**** DATA TO PROCESS ****
(* Let $\langle A, \leq, \otimes, \ominus, \mathbf{1}\rangle$ be a residuated partially ordered monoid with bottom element $\bot$. Then for every $k\geq1$, $\langle Lex_k(A), \leq_k, \otimes^k, \ominus_k, \mathbf{1}^k\rangle$ is a residuated partially ordered monoid, where for $a=a_1\ldots a_k$, $b=b_1\ldots b_k\in Lex_k(A)$: $$a \ominus_k b = \begin{cases} (a_1 \ominus b_1) \ldots (a_k \ominus b_k) & \text{if } k+1 = \gamma(a,b) = \delta(a,b),\\ (a_1 \ominus b_1) \ldots (a_{\gamma(a,b)} \ominus b_{\gamma(a,b)})\,\bot^{k-\gamma(a,b)} & \text{if } k+1 \neq \gamma(a,b) \leq \delta(a,b),\\ (a_1 \ominus b_1) \ldots (a_{\delta(a,b)} \ominus b_{\delta(a,b)})\,\big(\bigvee Lex_{k-\delta(a,b)}(A)\big) & \text{otherwise.}\end{cases}$$
   Context: A residuated partially ordered monoid $\langle A, \leq, \otimes, \ominus, \mathbf{1}\rangle$ consists of a partial order $\langle A,\leq\rangle$, a commutative monoid $\langle A,\otimes,\mathbf{1}\rangle$, and a binary operation $\ominus$ with $b \otimes c \leq a$ iff $c \leq a \ominus b$ for all $a,b,c\in A$. $a<b$ means $a\leq b$, $a\neq b$. $I(A) = \{c \in A \mid \forall a,b \in A.\ a \otimes c = b \otimes c \Rightarrow a = b\}$, $C(A)=A\setminus I(A)$. $Lex_k(A)\subseteq A^k$: $Lex_1(A) = A$, $Lex_{k+1}(A) = I(A)\, Lex_k(A) \cup C(A)\{\bot\}^k$ (concatenations of sequences; $\{\bot\}^k$ the singleton of $k$ copies of $\bot$). The order $\leq_k$: $\leq_1=\leq$, and for $k\geq2$, $a_1 \ldots a_k \leq_k b_1 \ldots b_k$ iff $a_1 < b_1$, or $a_1 = b_1$ and $a_2 \ldots a_k \leq_{k-1} b_2 \ldots b_k$. $\otimes^k$ is componentwise, $\mathbf{1}^k=\mathbf{1}\ldots\mathbf{1}$; $\bot^n$ is the sequence of $n$ copies of $\bot$; $\bigvee Lex_n(A)$ denotes the greatest element of $Lex_n(A)$ w.r.t. $\leq_n$ (the empty sequence when $n=0$). For $a,b\in Lex_k(A)$: $\gamma(a,b) = \min\{ i \mid a_i \ominus b_i \in C(A)\}$ and $\delta(a,b) = \min\{ i \mid (a_i \ominus b_i) \otimes b_i < a_i\}$, each equal to $k+1$ if the set is empty. *)

(* an abstract carrier A with Prop-valued order; classical logic
   is used to decide the (non-decidable) case conditions. Sequences = lists,
   positions are 1-based as in the paper. *)
From Stdlib Require Import List Arith Classical ClassicalEpsilon.
Import ListNotations.

Definition residuated_pomonoid {X : Type} (P : X -> Prop) (le : X -> X -> Prop)
  (mul sub : X -> X -> X) (one : X) : Prop :=
  P one /\
  (forall a b, P a -> P b -> P (mul a b)) /\
  (forall a b, P a -> P b -> P (sub a b)) /\
  (forall a, P a -> le a a) /\
  (forall a b, P a -> P b -> le a b -> le b a -> a = b) /\
  (forall a b c, P a -> P b -> P c -> le a b -> le b c -> le a c) /\
  (forall a b c, P a -> P b -> P c -> mul a (mul b c) = mul (mul a b) c) /\
  (forall a b, P a -> P b -> mul a b = mul b a) /\
  (forall a, P a -> mul one a = a) /\
  (forall a b c, P a -> P b -> P c -> (le (mul b c) a <-> le c (sub a b))).

Section Lex.
Context {A : Type} (le : A -> A -> Prop) (mul sub : A -> A -> A) (bot : A).

Definition lt (a b : A) : Prop := le a b /\ a <> b.

Definition Icanc (c : A) : Prop := forall a b, mul a c = mul b c -> a = b.
Definition Cnon (c : A) : Prop := ~ Icanc c.

(* Lex_n(A) as a predicate on lists; Lex_0 = {empty sequence} (convention). *)
Fixpoint Lex (n : nat) (s : list A) : Prop :=
  match n with
  | 0 => s = []
  | S n' =>
    match n' with
    | 0 => exists a, s = [a]
    | S _ => exists a t, s = a :: t /\
               ((Icanc a /\ Lex n' t) \/ (Cnon a /\ t = repeat bot n'))
    end
  end.

Fixpoint lexle (n : nat) (s t : list A) : Prop :=
  match n with
  | 0 => True
  | S n' =>
    match s, t with
    | a :: s', b :: t' =>
      match n' with
      | 0 => le a b
      | S _ => lt a b \/ (a = b /\ lexle n' s' t')
      end
    | _, _ => False
    end
  end.

Fixpoint lmul (s t : list A) : list A :=
  match s, t with
  | a :: s', b :: t' => mul a b :: lmul s' t'
  | _, _ => []
  end.

Fixpoint lsub (s t : list A) : list A :=
  match s, t with
  | a :: s', b :: t' => sub a b :: lsub s' t'
  | _, _ => []
  end.

Definition lone (one : A) (n : nat) : list A := repeat one n.

(* gamma(a,b) = min { i | a_i - b_i in C(A) }, k+1 if empty *)
Fixpoint gamma (s t : list A) : nat :=
  match s, t with
  | a :: s', b :: t' =>
    if excluded_middle_informative (Cnon (sub a b)) then 1 else S (gamma s' t')
  | _, _ => 1
  end.

(* delta(a,b) = min { i | (a_i - b_i) * b_i < a_i }, k+1 if empty *)
Fixpoint delta (s t : list A) : nat :=
  match s, t with
  | a :: s', b :: t' =>
    if excluded_middle_informative (lt (mul (sub a b) b) a) then 1
    else S (delta s' t')
  | _, _ => 1
  end.

Definition is_greatest (n : nat) (g : list A) : Prop :=
  Lex n g /\ forall s, Lex n s -> lexle n s g.

Definition bigvee (n : nat) : list A :=
  match n with
  | 0 => []
  | S _ => epsilon (inhabits []) (is_greatest n)
  end.

Definition lexsub (k : nat) (s t : list A) : list A :=
  let g := gamma s t in
  let d := delta s t in
  if andb (Nat.eqb (k + 1) g) (Nat.eqb (k + 1) d) then lsub s t
  else if andb (negb (Nat.eqb (k + 1) g)) (Nat.leb g d) then
    firstn g (lsub s t) ++ repeat bot (k - g)
  else firstn d (lsub s t) ++ bigvee (k - d).

End Lex.

(* Everything goes by induction on k, peeling off the first coordinate.
   Comparing lexicographically, b c <=_k a holds iff b1 c1 <= a1 and, when
   b1 c1 = a1, the tails compare; by residuation the head condition is
   c1 <= x with x = a1 - b1. Three cases follow the definition of the
   residual. If x is not cancellative, c1 = x forces the tail of c to be
   bottoms, and b1 c1 = a1 with b1 cancellative forces c1 = x, so the tails
   never matter. If b1 x < a1, then b1 c1 <= b1 x < a1, so the tails are never
   compared and the residual may continue with the top of Lex_(k-1). If
   b1 x = a1, then b1 c1 = a1 iff c1 = x (for b1 cancellative; otherwise the
   tail of b is bottoms), and the tails are handled by induction. *)

From Stdlib Require Import List Arith Classical ClassicalEpsilon.
Import ListNotations.

Section ResidualUnfolding.
Context {A : Type} (le : A -> A -> Prop) (mul sub : A -> A -> A) (bot : A).

Lemma gamma_succ s t : exists g, gamma mul sub s t = S g.
Proof.
  destruct s, t; simpl; eauto.
  destruct (excluded_middle_informative _); eauto.
Qed.

Lemma lexsub_cons_noncancellative k a b s t :
  Cnon mul (sub a b) ->
  lexsub le mul sub bot (S k) (a :: s) (b :: t) = sub a b :: repeat bot k.
Proof.
  intros C; unfold lexsub; cbn [gamma delta].
  destruct (excluded_middle_informative (Cnon mul (sub a b))); [|contradiction].
  rewrite Nat.add_1_r.
  destruct (excluded_middle_informative _); simpl; rewrite Nat.sub_0_r; reflexivity.
Qed.

Lemma lexsub_cons_strict k a b s t :
  ~ Cnon mul (sub a b) -> lt le (mul (sub a b) b) a ->
  lexsub le mul sub bot (S k) (a :: s) (b :: t) = sub a b :: bigvee le mul bot k.
Proof.
  intros I D; unfold lexsub; cbn [gamma delta].
  destruct (excluded_middle_informative (Cnon mul (sub a b))); [contradiction|].
  destruct (excluded_middle_informative _); [|contradiction].
  rewrite Nat.add_1_r; destruct (gamma_succ s t) as [g ->].
  simpl; rewrite Nat.sub_0_r, !Bool.andb_false_r; reflexivity.
Qed.

Lemma lexsub_cons_exact k a b s t :
  ~ Cnon mul (sub a b) -> ~ lt le (mul (sub a b) b) a ->
  lexsub le mul sub bot (S k) (a :: s) (b :: t)
  = sub a b :: lexsub le mul sub bot k s t.
Proof.
  intros I D; unfold lexsub; cbn [gamma delta].
  destruct (excluded_middle_informative (Cnon mul (sub a b))); [contradiction|].
  destruct (excluded_middle_informative _); [contradiction|].
  cbn [Nat.eqb Nat.add Nat.leb firstn app Nat.sub lsub].
  destruct (k + 1 =? _), (k + 1 =? _), (_ <=? _); reflexivity.
Qed.

End ResidualUnfolding.

Section LexSequences.
Context {A : Type} {mul : A -> A -> A} {bot : A}.

Lemma Lex_repeat_bot n : Lex mul bot n (repeat bot n).
Proof.
  induction n as [|[|n] IH]; simpl; eauto.
  exists bot, (bot :: repeat bot n); split; auto.
  destruct (classic (Icanc mul bot)); [left|right]; auto.
Qed.

Lemma Lex_cons n a t :
  Lex mul bot (S n) (a :: t) <-> Lex mul bot n t /\ (Cnon mul a -> t = repeat bot n).
Proof.
  destruct n as [|n]; simpl.
  - split; [intros [x E]; injection E as _ ->|intros [-> _]]; eauto.
  - split.
    + intros (a0 & t0 & E & [[I Ht]|[C ->]]); injection E as -> ->.
      * split; [exact Ht|contradiction].
      * split; [apply (Lex_repeat_bot (S n))|reflexivity].
    + intros [Ht Hbot]; exists a, t; split; [reflexivity|].
      destruct (classic (Icanc mul a)); [left|right]; auto.
Qed.

Lemma Lex_S_inv {n s} :
  Lex mul bot (S n) s ->
  exists a t, s = a :: t /\ Lex mul bot n t /\ (Cnon mul a -> t = repeat bot n).
Proof.
  destruct s as [|a t].
  - destruct n as [|[|n]]; simpl; firstorder discriminate.
  - intros H; apply Lex_cons in H; eauto.
Qed.

Lemma Lex_length {n s} : Lex mul bot n s -> length s = n.
Proof.
  revert s; induction n as [|n IH]; intros s H.
  - simpl in H; subst; reflexivity.
  - destruct (Lex_S_inv H) as (a & t & -> & Ht & _); simpl; auto.
Qed.

End LexSequences.

Section LexOrder.
Context {A : Type} {le : A -> A -> Prop}.
Hypothesis le_refl : forall a, le a a.
Hypothesis le_antisym : forall a b, le a b -> le b a -> a = b.
Hypothesis le_trans : forall a b c, le a b -> le b c -> le a c.

Lemma lexle_cons_iff n a s b t :
  lexle le (S n) (a :: s) (b :: t) <-> le a b /\ (a = b -> lexle le n s t).
Proof.
  destruct n as [|n]; [simpl; tauto|].
  change (lexle le (S (S n)) (a :: s) (b :: t))
    with (lt le a b \/ (a = b /\ lexle le (S n) s t)).
  unfold lt; split.
  - intros [[Hab Hne]|[-> Hst]]; split; auto; intros E; contradiction.
  - intros [Hab Hst]; destruct (classic (a = b)); [right|left]; auto.
Qed.

Lemma lexle_refl n s : length s = n -> lexle le n s s.
Proof.
  revert s; induction n as [|n IH]; intros [|a s] H; try discriminate; simpl; auto.
  apply lexle_cons_iff; auto.
Qed.

Lemma lexle_antisym n s t : length s = n -> length t = n ->
  lexle le n s t -> lexle le n t s -> s = t.
Proof.
  revert s t; induction n as [|n IH]; intros [|a s] [|b t] Hs Ht; try discriminate;
    auto; rewrite !lexle_cons_iff.
  intros [Hab Hst] [Hba Hts].
  assert (a = b) as <- by auto.
  f_equal; auto.
Qed.

Lemma lexle_trans n s t u : length s = n -> length t = n -> length u = n ->
  lexle le n s t -> lexle le n t u -> lexle le n s u.
Proof.
  revert s t u; induction n as [|n IH]; intros [|a s] [|b t] [|c u] Hs Ht Hu;
    try discriminate; auto; rewrite !lexle_cons_iff.
  intros [Hab Hst] [Hbc Htu]; split; [eauto|intros <-].
  assert (a = b) as <- by eauto.
  apply IH with t; auto.
Qed.

Lemma lexle_repeat_bot {bot} (bot_least : forall a, le bot a) n s :
  length s = n -> lexle le n (repeat bot n) s.
Proof.
  revert s; induction n as [|n IH]; intros [|a s] H; try discriminate; simpl; auto.
  apply lexle_cons_iff; auto.
Qed.

Section Top.
Context {mul : A -> A -> A} {bot : A}.
Variable top : A.
Hypothesis le_top : forall a, le a top.

Lemma Lex_greatest_exists n : exists g, is_greatest le mul bot n g.
Proof.
  induction n as [|n [g [Hg Hgreat]]].
  - exists []; split; [reflexivity|intros; exact I].
  - destruct (classic (Icanc mul top)) as [I|C].
    + exists (top :: g); split.
      * apply Lex_cons; split; [exact Hg|contradiction].
      * intros s Hs; destruct (Lex_S_inv Hs) as (a & t & -> & Ht & _).
        apply lexle_cons_iff; split; auto.
    + exists (top :: repeat bot n); split.
      * apply Lex_cons; split; [apply Lex_repeat_bot|reflexivity].
      * intros s Hs; destruct (Lex_S_inv Hs) as (a & t & -> & Ht & Hbot).
        apply lexle_cons_iff; split; [auto|intros ->].
        rewrite (Hbot C); apply lexle_refl, repeat_length.
Qed.
(* Let $0<q<1/2$, $p=1-q$, $\lambda=q/p<1$, and let $z\geq 1$ and $A\geq z$ be integers. The probability $P_A(z)$ that the $A$-Nakamoto double spend attack (described in the context) succeeds is $$P_A(z)=\frac{I_{4pq}(z,1/2)-\lambda^{A+1}}{1-\lambda^{A+1}},$$ where $I_x(a,b)=\frac{\Gamma(a+b)}{\Gamma(a)\Gamma(b)}\int_0^x t^{a-1}(1-t)^{b-1}\,dt$ is the regularized incomplete Beta function and $\Gamma$ is Euler's Gamma function.
   Context: Mining model: the attacker has relative hashrate $q$ and the honest miners relative hashrate $p=1-q$; blocks found by the honest miners and by the attacker form independent Poisson processes with rates $p/\tau_0$ and $q/\tau_0$ respectively ($\tau_0>0$ the mean interblock time); block propagation is instantaneous and difficulty is constant. The recipient of a transaction requires $z$ confirmations. The $A$-Nakamoto double spend strategy (with one pre-mined block) is: (1) the attacker mines on top of the last block of the official blockchain a block containing a transaction returning the payment funds to an address he controls; if the honest miners find a block first, he restarts mining on top of the new last official block; (2) once he has mined this one block (kept secret, with the honest miners not having found a block meanwhile), he sends the paying transaction to the vendor and keeps mining on his secret fork, while the honest miners extend the official chain; (3) the lag is (number of official blocks after the fork point) minus (number of blocks of the secret fork); if the lag reaches $A$ the attacker gives up and the attack fails; (4) if, at a moment when the official chain has added at least $z$ blocks (confirmations of the vendor transaction), the secret fork is strictly longer than the official chain (lag $\leq -1$), the attacker publishes it and the attack succeeds. The attack cycle ends at success or failure. *)

From Stdlib Require Import Reals ZArith List Lra.
From Coquelicot Require Import Coquelicot.
Import ListNotations.
Open Scope R_scope.

Definition Gamma (s : R) : R :=
  RInt_gen (fun t => Rpower t (s - 1) * exp (- t)) (at_right 0) (Rbar_locally p_infty).

Definition inc_beta (x a b : R) : R :=
  Gamma (a + b) / (Gamma a * Gamma b) *
  RInt (fun t => Rpower t (a - 1) * Rpower (1 - t) (b - 1)) 0 x.

(** Discrete model of the attack after the pre-mined block (step (2) onwards).
    A block sequence is a list of booleans: [true] = block found by the honest
    miners, [false] = block found by the attacker. *)

Fixpoint block_seqs (n : nat) : list (list bool) :=
  match n with
  | O => (@nil bool) :: nil
  | S k => List.map (cons true) (block_seqs k) ++ List.map (cons false) (block_seqs k)
  end.

Definition seq_weight (p q : R) (l : list bool) : R :=
  List.fold_right (fun (b : bool) (w : R) => (if b then p else q) * w) 1 l.

(** Outcome of the attack cycle along a block sequence, starting from [n] official
    blocks after the fork point and [m] blocks on the secret fork:
    [Some true] = success, [Some false] = failure (lag reached A),
    [None] = not yet decided. *)
Fixpoint attack_outcome (z A : nat) (n m : nat) (l : list bool) : option bool :=
  match l with
  | nil => None
  | b :: l' =>
      let n' := if b then S n else n in
      let m' := if b then m else S m in
      let lag := (Z.of_nat n' - Z.of_nat m')%Z in
      if Z.leb (Z.of_nat A) lag then Some false
      else if andb (Nat.leb z n') (Z.leb lag (-1)) then Some true
      else attack_outcome z A n' m' l'
  end.

(** Probability that the attack has succeeded within the first [k] blocks mined
    after the vendor transaction is sent (start: 0 official blocks after the fork,
    1 pre-mined secret block, i.e. lag = -1). *)
Definition attack_success_by (p q : R) (z A : nat) (k : nat) : R :=
  List.fold_right Rplus 0
    (List.map (fun l => seq_weight p q l *
                   match attack_outcome z A 0 1 l with Some true => 1 | _ => 0 end)
         (block_seqs k)).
****
_AIM OF THE TASK_. What do the lines above say from the one containing "positions are 1-based as in the paper. *)" down to the one containing "S _ => exists"? Return them exactly, both end lines included, and only them.

_SOLUTION BELOW_.
   positions are 1-based as in the paper. *)
From Stdlib Require Import List Arith Classical ClassicalEpsilon.
Import ListNotations.

Definition residuated_pomonoid {X : Type} (P : X -> Prop) (le : X -> X -> Prop)
  (mul sub : X -> X -> X) (one : X) : Prop :=
  P one /\
  (forall a b, P a -> P b -> P (mul a b)) /\
  (forall a b, P a -> P b -> P (sub a b)) /\
  (forall a, P a -> le a a) /\
  (forall a b, P a -> P b -> le a b -> le b a -> a = b) /\
  (forall a b c, P a -> P b -> P c -> le a b -> le b c -> le a c) /\
  (forall a b c, P a -> P b -> P c -> mul a (mul b c) = mul (mul a b) c) /\
  (forall a b, P a -> P b -> mul a b = mul b a) /\
  (forall a, P a -> mul one a = a) /\
  (forall a b c, P a -> P b -> P c -> (le (mul b c) a <-> le c (sub a b))).

Section Lex.
Context {A : Type} (le : A -> A -> Prop) (mul sub : A -> A -> A) (bot : A).

Definition lt (a b : A) : Prop := le a b /\ a <> b.

Definition Icanc (c : A) : Prop := forall a b, mul a c = mul b c -> a = b.
Definition Cnon (c : A) : Prop := ~ Icanc c.

(* Lex_n(A) as a predicate on lists; Lex_0 = {empty sequence} (convention). *)
Fixpoint Lex (n : nat) (s : list A) : Prop :=
  match n with
  | 0 => s = []
  | S n' =>
    match n' with
    | 0 => exists a, s = [a]
    | S _ => exists a t, s = a :: t /\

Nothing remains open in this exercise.